Practical application

Imports by selling agents are made in the following ways:

Type of import Description
Imports to prior order These occur when a buyer has been found by the agent and the goods are imported to fulfil the order. As there is a sale at the time of importation, Method 1 is to be used; the transaction value being the price paid by the buyer including any commission earned by the agent. Invoices raised by either the agent or the seller (supplier) to the buyer are acceptable. The customs value is the invoice price plus any other additions to the price of the goods that are not included in the invoice price.
Imports as buffer stock These are made by agents in respect of long term sales contracts (for example a buyer may order a large quantity to be delivered over a period of time). As the goods relate to an existing sale, there is a price known at the time of importation and therefore buffer stock is treated in the same way as prior order goods.
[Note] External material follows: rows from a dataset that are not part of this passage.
Lemma Ccont_RtoC (s : R) : Ccont RtoC s.
Proof.
  apply Ccont_eps. intros eps Heps. exists (mkposreal eps Heps). intros y Hy.
  rewrite <- RtoC_minus, Cmod_R. exact Hy.
Qed.

Lemma Ccont_pow {U : UniformSpace} (q : U -> C) n x : Ccont q x -> Ccont (fun y => q y ^ n)%C x.
Proof.
  intros H. induction n as [|n IH]; [apply Ccont_const|].
  apply (Ccont_mult q (fun y => q y ^ n)%C); assumption.
Qed.

Definition jointly_Ccont (F : R -> R -> C) (s t : R) : Prop :=
  Ccont (fun p : R * R => F (fst p) (snd p)) (s, t).

Lemma jointly_Ccont_snd (g : R -> C) s t : Ccont g t -> jointly_Ccont (fun _ => g) s t.
Proof. intros H. apply (continuous_comp snd g), H. apply continuous_snd. Qed.

Lemma jointly_Ccont_fst s t : jointly_Ccont (fun s _ => RtoC s) s t.
Proof. apply (continuous_comp fst RtoC). apply continuous_fst. apply Ccont_RtoC. Qed.

Lemma jointly_Ccont_section (F : R -> R -> C) s t : jointly_Ccont F s t -> Ccont (F s) t.
Proof.
  intros H. apply (continuous_comp (fun t => (s, t)) (fun p => F (fst p) (snd p))), H.
  intros P [eps HP]. exists eps. intros y Hy. apply HP. split; [apply ball_center|exact Hy].
Qed.

Definition has_rderiv (g : R -> C) (s : R) (l : C) : Prop :=
  @is_derive R_AbsRing C_R_NormedModule g s l.

Lemma has_rderiv_eps (g : R -> C) s l :
  has_rderiv g s l <-> forall eps, 0 < eps -> exists delta, 0 < delta /\ forall t,
    Rabs (t - s) < delta -> Cmod (g t - g s - RtoC (t - s) * l)%C <= eps * Rabs (t - s).
Proof.
  assert (E : forall t, @norm R_AbsRing C_R_NormedModule
      (@minus C_R_NormedModule (@minus C_R_NormedModule (g t) (g s))
        (@scal R_AbsRing C_R_NormedModule (@minus (AbsRing_NormedModule R_AbsRing) t s) l))
      = Cmod (g t - g s - RtoC (t - s) * l)%C)
    by (intros t; rewrite <- Cmod_norm, scal_R_Cmult; reflexivity).
  unfold has_rderiv. rewrite is_derive_eps. split.
  - intros H eps Heps. destruct (H (mkposreal eps Heps)) as [d Hd].
    exists d. split; [apply cond_pos|]. intros t Ht. rewrite <- E. exact (Hd t Ht).
  - intros H eps. destruct (H eps (cond_pos eps)) as [d [Hd0 Hd]].
    exists (mkposreal d Hd0). intros t Ht. rewrite E. exact (Hd t Ht).
Qed.

Lemma has_rderiv_ext (f g : R -> C) s l :
  (forall t, f t = g t) -> has_rderiv f s l -> has_rderiv g s l.
Proof. apply (@is_derive_ext R_AbsRing C_R_NormedModule). Qed.

Lemma has_rderiv_Ccont (h : R -> C) s l : has_rderiv h s l -> Ccont h s.
Proof. intros H. apply (@ex_derive_continuous R_AbsRing C_R_NormedModule). exists l. exact H. Qed.

Lemma has_rderiv_comp (f : C -> C) (q : R -> C) s dq l :
  has_rderiv q s dq -> has_cderiv f (q s) l -> has_rderiv (fun t => f (q t)) s (l * dq)%C.
Proof.
  rewrite !has_rderiv_eps, has_cderiv_eps. intros Hq Hf eps Heps.
  set (A := Cmod dq + 1). set (B := Cmod l + 1).
  assert (HA : 0 < A) by (unfold A; generalize (Cmod_ge_0 dq); lra).
  assert (HB : 0 < B) by (unfold B; generalize (Cmod_ge_0 l); lra).
  destruct (Hq 1 Rlt_0_1) as [d1 [Hd1 H1]].
  destruct (Hq (eps / (2 * B))) as [d3 [Hd3 H3]]; [apply Rdiv_lt_0_compat; lra|].
  destruct (Hf (eps / (2 * A))) as [d2 [Hd2 H2]]; [apply Rdiv_lt_0_compat; lra|].
  exists (Rmin d1 (Rmin d3 (d2 / A))). split.
  { repeat apply Rmin_pos; try lra. apply Rdiv_lt_0_compat; lra. }
  intros t Ht.
  assert (Ht1 := Rlt_le_trans _ _ _ Ht (Rmin_l _ _)).
  assert (Ht' := Rlt_le_trans _ _ _ Ht (Rmin_r _ _)).
  assert (Ht3 := Rlt_le_trans _ _ _ Ht' (Rmin_l _ _)).
  assert (Ht2 := Rlt_le_trans _ _ _ Ht' (Rmin_r _ _)).
  specialize (H1 t Ht1). specialize (H3 t Ht3).
  assert (Hlip : Cmod (q t - q s) <= A * Rabs (t - s)).
  { replace (q t - q s)%C with ((q t - q s - RtoC (t - s) * dq) + RtoC (t - s) * dq)%C by ring.
    eapply Rle_trans; [apply Cmod_triangle|]. rewrite Cmod_mult, Cmod_R.
    unfold A. nra. }
  assert (Hqt : Cmod (q t - q s) < d2).
  { apply Rle_lt_trans with (A * Rabs (t - s)); [exact Hlip|].
    apply Rmult_lt_reg_l with (/ A); [apply Rinv_0_lt_compat; lra|].
    rewrite <- Rmult_assoc, Rinv_l, Rmult_1_l by lra. rewrite Rmult_comm. exact Ht2. }
  specialize (H2 (q t) Hqt).
  replace (f (q t) - f (q s) - RtoC (t - s) * (l * dq))%C with
    ((f (q t) - f (q s) - l * (q t - q s)) + l * (q t - q s - RtoC (t - s) * dq))%C by ring.
  eapply Rle_trans; [apply Cmod_triangle|]. rewrite Cmod_mult.
  assert (E1 : eps / (2 * A) * Cmod (q t - q s) <= eps / 2 * Rabs (t - s)).
  { apply Rle_trans with (eps / (2 * A) * (A * Rabs (t - s))).
    - apply Rmult_le_compat_l; [apply Rlt_le, Rdiv_lt_0_compat; lra|exact Hlip].
    - right. field. lra. }
  assert (E2 : Cmod l * Cmod (q t - q s - RtoC (t - s) * dq) <= eps / 2 * Rabs (t - s)).
  { apply Rle_trans with (B * (eps / (2 * B) * Rabs (t - s))).
    - apply Rmult_le_compat; [apply Cmod_ge_0|apply Cmod_ge_0|unfold B; lra|exact H3].
    - right. field. lra. }
  lra.
Qed.

Lemma has_cderiv_affine (a b : C) z : has_cderiv (fun w => a + b * w)%C z b.
Proof.
  assert (H := has_cderiv_plus _ _ z _ _ (has_cderiv_const a z)
    (has_cderiv_mult _ _ z _ _ (has_cderiv_const b z) (has_cderiv_id z))).
  cbv beta in H. replace (RtoC 0 + (RtoC 0 * z + b * RtoC 1))%C with b in H by ring. exact H.
Qed.

Lemma has_rderiv_affine_comp (a b : C) (q : R -> C) s dq :
  has_rderiv q s dq -> has_rderiv (fun t => a + b * q t)%C s (b * dq)%C.
Proof. intros H. apply (has_rderiv_comp (fun w => a + b * w)%C), has_cderiv_affine. exact H. Qed.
Imports as consignment stock These are made without a buyer or a sale price being known at the time of importation. Once the goods are imported the agent attempts to find a buyer. The goods may be imported direct to free circulation or be placed in customs warehouse. For goods imported direct to free circulation in the EC, Method 1 cannot be used, as there is no sale/transaction. The goods have to be valued for customs purposes under another method (usually Method 6).
For goods placed in customs warehouse and subsequently removed to free circulation, Method 1 is to be considered where the goods are the subject of a sale in warehouse or ex-warehouse.